In researching a live Webinar we had in the past, I came across a lot of statistics about social selling.

I mean… a lot of statistics.

While I figure that having so many stats out there about social selling is a good thing—it means people are talking about it—it can be overwhelming to boil it all down to just a few numbers that really prove social selling is much more than just being the new flavor in sales.

With that in mind, I’ve chosen three sets of statistics that speak to the success of social selling, and why I believe it is well-worth adding to an already well-rounded sales methodology. I’ll also give you the sources of the stats, so you can confirm them for yourself.

Referrals: The Potential King Makers

Many of us have asked family and friends for referrals; I recently asked a neighbor who re-roofed his house so I could contact the company, as he was very satisfied with the results. It’s the same kind of process with social selling, except you can take things one step further by asking to be introduced to people in your 1st-degree connections’ networks. (This is assuming that you already have great relationships with the people already in your network.)

Here are the stats:

  • 84% of B2B buyers are now using referrals to start their company’s procurement process
  • More than 90% of all B2B buying decisions are now being influenced by peer recommendations

(Source: Harvard Business Review; the sources HBR used are linked to within the article.)

Buyers Are On Social and Ready to Purchase

While most everyone we know is using social to some degree, some questions still linger about the B2B buyer being there and if they’re ready to buy. These figures should answer those queries:

  • 46% of B2B-purchasing decision makers are now aged 18-34, which is also the largest social media-using demographic
  • 84% of B2B executives use social media to research purchase decisions, while 72% of B2B buyers use social media to research specific solutions
  • 75% of B2B buyers are “significantly influenced” by social media

Here are the two stats I love the most and speak to the need for salespeople to be on social to engage with prospects:

  • Buyers’ social media connections with potential solutions providers have risen by 57%
  • 92% of B2B buyers use social media to engage with sales industry thought leaders (this is especially big)

(Source: Datanyze. The sources used by Datanyze are in the article I linked to.)

Your Competitors Are Already Using Social

If the first two sets of stats don’t convince you, the old “my competitors are already doing it” way of thinking should. In fact, 90% of top salespeople are using social selling tools, while just 71% of “overall” salespeople use them. This means if you desire to be on “top,” you’ll want to tap into the power of social selling.

Here are some other statistics for your number crunching pleasure:

  • 68.9% of salespeople use social selling tools for lead development
  • 64.5% use these tools use them for account research
  • 60.3% use social selling tools for call preparation

You can also use these tools for “reduced account/contact research time;” that’s what 39% of your fellow salespeople use them for.

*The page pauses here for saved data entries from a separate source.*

(* (1) If $A\in\mathrm{Sym}_{>}(\mathbb C^{2d})$, then $\bar A\#A\in\mathrm{Sym}_{\rm p}(\mathbb R^{2d})$. (2) If $A\in\mathrm{Sym}^{\rm qnd}_{>}(\mathbb C^{2d})$, then $\bar A\#A\in\mathrm{Sym}_{\rm p}^{\rm qnd}(\mathbb R^{2d})$.
   Context: Let $d\ge1$, let $\mathbb 1$ denote an identity matrix and $\theta=\begin{bmatrix}0&-i\mathbb 1_d\\ i\mathbb 1_d&0\end{bmatrix}$. $\mathrm{Sym}_{>}(\mathbb C^{n})$ is the set of complex symmetric $n\times n$ matrices with positive definite real part; $\mathrm{Sym}^{\rm qnd}_{>}(\mathbb C^{2d})=\{A\in\mathrm{Sym}_{>}(\mathbb C^{2d}):\det(\mathbb 1+A\theta)\ne0\}$; $\mathrm{Sym}_{>}(\mathbb R^{n})$ is the set of real symmetric positive definite matrices; $\mathrm{Sym}_{\rm p}(\mathbb R^{2d})=\{A\in\mathrm{Sym}_{>}(\mathbb R^{2d}):\sigma(A\theta)\subset[-1,1]\}$ and $\mathrm{Sym}_{\rm p}^{\rm qnd}(\mathbb R^{2d})=\{A\in\mathrm{Sym}_{\rm p}(\mathbb R^{2d}):\det(\mathbb 1+A\theta)\ne0\}$. For $A,B\in\mathrm{Sym}_>(\mathbb C^{2d})$, $A\#B:=J^TM^{-1}J$ with $M=\begin{bmatrix}\theta A\theta&-\theta\\ \theta&\theta B\theta\end{bmatrix}$ (invertible in this case) and $J=\begin{bmatrix}-\mathbb 1_{2d}\\ \mathbb 1_{2d}\end{bmatrix}$. $\bar A$ is the entrywise complex conjugate. *)

(* The complex field C^{...} is modelled by an arbitrary
   numeric closed field C (e.g. algC, or any model of the complex numbers). *)
From HB Require Import structures.
From mathcomp Require Import all_boot all_order all_algebra.
Set Implicit Arguments. Unset Strict Implicit. Unset Printing Implicit Defensive.
Import Order.TTheory GRing.Theory Num.Theory.
Local Open Scope ring_scope.

Section Defs.
Variable C : numClosedFieldType.

Definition theta (d : nat) : 'M[C]_(d + d) :=
  block_mx 0 (- ('i *: 1%:M)) ('i *: 1%:M) 0.

Definition cconj_mx (n : nat) (A : 'M[C]_n) : 'M[C]_n := map_mx (fun z => z^*) A.

Definition remx (n : nat) (A : 'M[C]_n) : 'M[C]_n := map_mx (fun z => 'Re z) A.

Definition real_mx (m n : nat) (A : 'M[C]_(m, n)) : Prop :=
  forall i j, A i j \is Num.real.

Definition symmetric (n : nat) (A : 'M[C]_n) : Prop := A^T = A.

Definition posdef_real (n : nat) (S : 'M[C]_n) : Prop :=
  forall x : 'cV[C]_n, real_mx x -> x != 0 -> 0 < (x^T *m S *m x) 0 0.

Definition SymC_gt (n : nat) (A : 'M[C]_n) : Prop :=
  symmetric A /\ posdef_real (remx A).

Definition SymC_gt_qnd (d : nat) (A : 'M[C]_(d + d)) : Prop :=
  SymC_gt A /\ \det (1%:M + A *m theta d) != 0.

Definition SymR_gt (n : nat) (A : 'M[C]_n) : Prop :=
  real_mx A /\ symmetric A /\ posdef_real A.

Definition SymR_p (d : nat) (A : 'M[C]_(d + d)) : Prop :=
  SymR_gt A /\
  forall l : C, eigenvalue (A *m theta d) l -> l \is Num.real /\ -1 <= l <= 1.

Definition SymR_p_qnd (d : nat) (A : 'M[C]_(d + d)) : Prop :=
  SymR_p A /\ \det (1%:M + A *m theta d) != 0.

Definition sharpM (d : nat) (A B : 'M[C]_(d + d)) : 'M[C]_((d + d) + (d + d)) :=
  block_mx (theta d *m A *m theta d) (- theta d) (theta d) (theta d *m B *m theta d).

Definition Jmx (d : nat) : 'M[C]_((d + d) + (d + d), d + d) := col_mx (- 1%:M) 1%:M.

Definition sharp (d : nat) (A B : 'M[C]_(d + d)) : 'M[C]_(d + d) :=
  (Jmx d)^T *m invmx (sharpM A B) *m Jmx d.

End Defs.

From HB Require Import structures.
From mathcomp Require Import all_boot all_order all_algebra ring.
Set Implicit Arguments. Unset Strict Implicit. Unset Printing Implicit Defensive.
Import Order.TTheory GRing.Theory Num.Theory Num.Def.
Local Open Scope ring_scope.
Local Open Scope sesquilinear_scope.

(* Write A = R + P with R = Re A real, symmetric and positive definite, and
   P = i Im A, so that conj A = R - P.  Solving the block system that defines
   conj A # A gives conj A # A = 2 θ H^-1 θ with H = R + K^* R^-1 K, K = θ - P;
   H is real, symmetric and positive definite, hence so is conj A # A.
   If v (conj A # A) θ = λ v with v <> 0, then c = v θ H^-1 satisfies
   2 c θ c^* = λ c H c^*, whereas H ± 2θ = (K^* ± R) R^-1 (K^* ± R)^* is positive
   semidefinite; this forces λ ∈ [-1, 1].  For λ = -1 it even forces
   c (θ + A) = 0, impossible when det (1 + A θ) <> 0 because θ + A = (1 + A θ) θ. *)

Ltac mx_lin := apply/matrixP => ? ?;
  rewrite ?(mulmxDr, mulmxDl, mulmxBr, mulmxBl, mulmxN, mulNmx, mul1mx, mulmxA,
            =^~ scalemxAl, =^~ scalemxAr) !mxE; ring.

Section HermitianForm.
Variable C : numClosedFieldType.

Lemma trmxC_mul m n p (A : 'M[C]_(m, n)) (B : 'M[C]_(n, p)) :
  (A *m B)^t* = B^t* *m A^t*.
Proof. by rewrite trmx_mul map_mxM. Qed.

Lemma trmxCD m n (A B : 'M[C]_(m, n)) : (A + B)^t* = A^t* + B^t*.
Proof. by rewrite linearD map_mxD. Qed.

Lemma trmxCZ m n a (A : 'M[C]_(m, n)) : (a *: A)^t* = a^* *: A^t*.
Proof. by rewrite linearZ map_mxZ. Qed.

Lemma trmxC_inv n (A : 'M[C]_n) : (invmx A)^t* = invmx (A^t*).
Proof. by rewrite trmx_inv map_invmx. Qed.

Lemma real_mxP m n (A : 'M[C]_(m, n)) : real_mx A <-> A ^ conjC = A.
Proof.
split=> [Areal | AC i j]; first by apply/matrixP => i j; rewrite mxE conj_Creal.
by rewrite CrealE -{2}AC mxE.
Qed.

Definition hform n (X : 'M[C]_n) (u : 'rV[C]_n) : C := (u *m X *m u^t*) 0 0.

Definition posdefmx n (X : 'M[C]_n) : Prop := forall u, u != 0 -> 0 < hform X u.

Lemma hformD n (X Y : 'M[C]_n) u : hform (X + Y) u = hform X u + hform Y u.
Proof. by rewrite /hform mulmxDr mulmxDl mxE. Qed.

Lemma hformZ n a (X : 'M[C]_n) u : hform (a *: X) u = a * hform X u.
Proof. by rewrite /hform -scalemxAr -scalemxAl !mxE. Qed.

Lemma hform_congr n (M X : 'M[C]_n) u :
  hform (M *m X *m M^t*) u = hform X (u *m M).
Proof. by rewrite /hform trmxC_mul !mulmxA. Qed.

Lemma posdefmx_ge0 n (X : 'M[C]_n) u : posdefmx X -> 0 <= hform X u.
Proof.
move=> Xpos; have [->|u_neq0] := eqVneq u 0; last exact/ltW/Xpos.
by rewrite /hform !mul0mx mxE.
Qed.

Lemma posdefmx_unit n (X : 'M[C]_n) : posdefmx X -> X \in unitmx.
Proof.
move=> Xpos; rewrite unitmxE unitfE; apply/det0P => -[u u_neq0 uX0].
by have := Xpos u u_neq0; rewrite /hform uX0 mul0mx mxE ltxx.
Qed.

Lemma posdefmx_inv n (X : 'M[C]_n) : X^t* = X -> posdefmx X -> posdefmx (invmx X).
Proof.
move=> Xherm Xpos u u_neq0; have Xu := posdefmx_unit Xpos.
have -> : invmx X = invmx X *m X *m (invmx X)^t*.
  by rewrite trmxC_inv Xherm mulVmx // mul1mx.
rewrite hform_congr.
apply: Xpos; apply: contraNneq u_neq0 => uX0.
by rewrite -[u](mulmxKV Xu) uX0 mul0mx.
Qed.

Lemma posdefmx_real n (S : 'M[C]_n) :
  S ^ conjC = S -> S^T = S -> posdef_real S -> posdefmx S.
Proof.
move=> Sreal Ssym Spos u u_neq0.
pose a := u ^ (@Re _); pose b := u ^ (@Im _).
have aC : a ^ conjC = a by apply/matrixP => i j; rewrite !mxE conj_Creal ?Creal_Re.
have bC : b ^ conjC = b by apply/matrixP => i j; rewrite !mxE conj_Creal ?Creal_Im.
have uE : u = a + 'i *: b by apply/matrixP => i j; rewrite !mxE -Crect.
have uCE : u^t* = a^T - 'i *: b^T.
  apply/matrixP => i j; rewrite !mxE {1}[u _ _]Crect.
  by rewrite conjC_rect ?Creal_Re ?Creal_Im.
have quad_pos (x : 'rV[C]_n) : x ^ conjC = x -> x != 0 -> 0 < (x *m S *m x^T) 0 0.
  move=> xC x_neq0; have := Spos x^T; rewrite trmxK; apply.
    by apply/real_mxP; rewrite -map_trmx xC.
  by rewrite trmx_eq0.
have cross : (b *m S *m a^T) 0 0 = (a *m S *m b^T) 0 0.
  have tr11 (M : 'M[C]_1) : M 0 0 = M^T 0 0 by rewrite mxE.
  by rewrite tr11 !trmx_mul trmxK Ssym mulmxA.
have -> : hform S u = (a *m S *m a^T) 0 0 + (b *m S *m b^T) 0 0.
  have -> : hform S u = (a *m S *m a^T) 0 0 + 'i * (b *m S *m a^T) 0 0
      - 'i * (a *m S *m b^T) 0 0 - 'i * 'i * (b *m S *m b^T) 0 0.
    rewrite /hform uCE {1}uE !(mulmxDl, mulmxBr, mulmxN, mulNmx, mul1mx,
      =^~ scalemxAl, =^~ scalemxAr) !mxE; ring.
  by rewrite cross mulCii; ring.
have quad_ge0 (x : 'rV[C]_n) : x ^ conjC = x -> 0 <= (x *m S *m x^T) 0 0.
  move=> xC; have [->|/(quad_pos x xC)/ltW//] := eqVneq x 0.
  by rewrite !mul0mx mxE.
have [a0|a_neq0] := eqVneq a 0; last exact: ltr_wpDr (quad_ge0 b bC) (quad_pos a aC a_neq0).
have b_neq0 : b != 0 by apply: contraNneq u_neq0 => b0; rewrite uE a0 b0 scaler0 addr0.
exact: ltr_wpDl (quad_ge0 a aC) (quad_pos b bC b_neq0).
Qed.
End HermitianForm.

Section Theta.
Variables (C : numClosedFieldType) (d : nat).
Local Notation th := (theta C d).

Lemma theta_sqr : th *m th = 1%:M.
Proof.
rewrite /theta mulmx_block !(mul0mx, mulmx0, addr0, add0r) scalemx1.
rewrite mulNmx mulmxN -!scalar_mxM mulCii.
by rewrite -!raddfN /= opprK -scalar_mx_block.
Qed.

Lemma thetaK m (X : 'M[C]_(d + d, m)) : th *m (th *m X) = X.
Proof. by rewrite mulmxA theta_sqr mul1mx. Qed.

Lemma thetaKr m (X : 'M[C]_(m, d + d)) : X *m th *m th = X.
Proof. by rewrite -mulmxA theta_sqr mulmx1. Qed.

Lemma theta_unit : th \in unitmx.
Proof. by case: (mulmx1_unit theta_sqr). Qed.

Lemma conj_theta : th ^ conjC = - th.
Proof.
rewrite /theta map_block_mx !map_mx0 map_mxN map_mxZ map_mx1 /= conjCi.
by rewrite opp_block_mx !oppr0 scaleNr opprK.
Qed.

Lemma tr_theta : th^T = - th.
Proof.
rewrite /theta tr_block_mx !trmx0 linearN /= !linearZ /= trmx1.
by rewrite opp_block_mx !oppr0 !scalerN opprK.
Qed.

Lemma trmxC_theta : th^t* = th.
Proof. by rewrite tr_theta map_mxN conj_theta opprK. Qed.

Lemma theta_add_unit (A : 'M[C]_(d + d)) :
  \det (1%:M + A *m th) != 0 -> th + A \in unitmx.
Proof.
move=> det_neq0; have -> : th + A = (1%:M + A *m th) *m th.
  by rewrite mulmxDl mul1mx thetaKr.
by rewrite unitmx_mul theta_unit unitmxE unitfE det_neq0.
Qed.
End Theta.

(* H = R + K^* R^-1 K with K = θ - P, once P^* = - P. *)
Definition sharp_gram (C : numClosedFieldType) (d : nat) (R P : 'M[C]_(d + d)) :=
  R + (theta C d + P) *m invmx R *m (theta C d - P).

Section SharpFormula.
Variables (C : numClosedFieldType) (d : nat).
Local Notation n := (d + d).
Local Notation th := (theta C d).
Variables R P : 'M[C]_n.
Hypothesis R_unit : R \in unitmx.
Local Notation H := (sharp_gram R P).

Lemma sharp_gram_shift (e : C) : e ^+ 2 = 1 ->
  H + (2 * e) *: th = (th + P + e *: R) *m invmx R *m (th - P + e *: R).
Proof.
move=> e2; rewrite (mulmxDl _ (e *: R)) -scalemxAl mulmxV // scalemx1.
rewrite mulmxDl mul_scalar_mx (mulmxDr _ _ (e *: R)) -scalemxAr mulmxKV //.
rewrite !scalerDr scalerA -expr2 e2 scale1r /sharp_gram; mx_lin.
Qed.

Hypothesis H_unit : H \in unitmx.

(* In the unknowns x = θ Z1, y = θ Z2 the system reads
   R (x + y) = K (y - x) and R (y - x) + K^* (x + y) = 2 θ U, so H (y - x) = 2 θ U. *)
Lemma sharpM_solve p (Z1 Z2 U : 'M[C]_(n, p)) :
  sharpM (R - P) (R + P) *m col_mx Z1 Z2 = col_mx (- U) U ->
  R *m th *m (Z1 + Z2) = (th - P) *m th *m (Z2 - Z1) /\
  Z2 - Z1 = 2 *: (th *m invmx H *m th *m U).
Proof.
rewrite /sharpM mul_block_col => /eq_col_mx[eq_top eq_bot].
have {eq_top} eq_top : (R - P) *m th *m Z1 - Z2 = - (th *m U).
  have := congr1 (mulmx th) eq_top.
  by rewrite mulmxDr mulNmx !mulmxN !mulmxA theta_sqr !mul1mx.
have {eq_bot} eq_bot : Z1 + (R + P) *m th *m Z2 = th *m U.
  have := congr1 (mulmx th) eq_bot.
  by rewrite mulmxDr !mulmxA theta_sqr !mul1mx.
have sum_eq : R *m th *m (Z1 + Z2) = (th - P) *m th *m (Z2 - Z1).
  apply/eqP; rewrite -subr_eq0; apply/eqP.
  rewrite -(addNr (th *m U)) -{1}eq_top -eq_bot mulmxBl theta_sqr; mx_lin.
have dif_eq : R *m th *m (Z2 - Z1) + (th + P) *m th *m (Z1 + Z2) = 2 *: (th *m U).
  have -> : 2 *: (th *m U) = th *m U - - (th *m U) by rewrite opprK scaler_nat mulr2n.
  rewrite -eq_top -eq_bot mulmxDl theta_sqr; mx_lin.
have th_sum : th *m (Z1 + Z2) = invmx R *m (th - P) *m th *m (Z2 - Z1).
  by rewrite -[LHS](mulKmx R_unit) (mulmxA R) sum_eq !mulmxA.
have H_dif : H *m (th *m (Z2 - Z1)) = 2 *: (th *m U).
  by rewrite -dif_eq /sharp_gram mulmxDl -[_ *m th *m (Z1 + Z2)]mulmxA th_sum !mulmxA.
split => //; rewrite -[LHS]thetaK -[th *m (Z2 - Z1)](mulKmx H_unit) H_dif.
by rewrite -!scalemxAr !mulmxA.
Qed.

And just in case you’re looking for the WIIFM (what’s in it for me) factor:

  • 78% of reps who use social selling practices outsell their peers
  • 63.4% of those reps who use social selling reported an increase in corporate revenue; that’s compared to 41.2% of people who didn’t use it
  • 23% of social sellers were more likely to exceed quota, while just 10% of non-social sellers expected to go above quota

(Sources: Brainshark, Datanyze. Ditto the sources links here.)

What it All Means

To me, it all boils down to one idea: Social selling is starting to gain maturity in both sales-related circles and within companies (especially larger enterprises).

When I’m training the employees of our client companies at PeopleLinx, I always tell them as they’re starting out, doing all of these social selling-related activities our platform reinforces them to do seems like “separate” work. That feeling goes away, though; and soon enough, all of those “social selling” activities will become just plain ol’ selling activities in their minds.

That, my friends, is when they’re truly social selling: when their social selling-related actions become simply selling activities. What’s more, it happens quicker than you might think, especially when you’re seeing success from what you’re doing.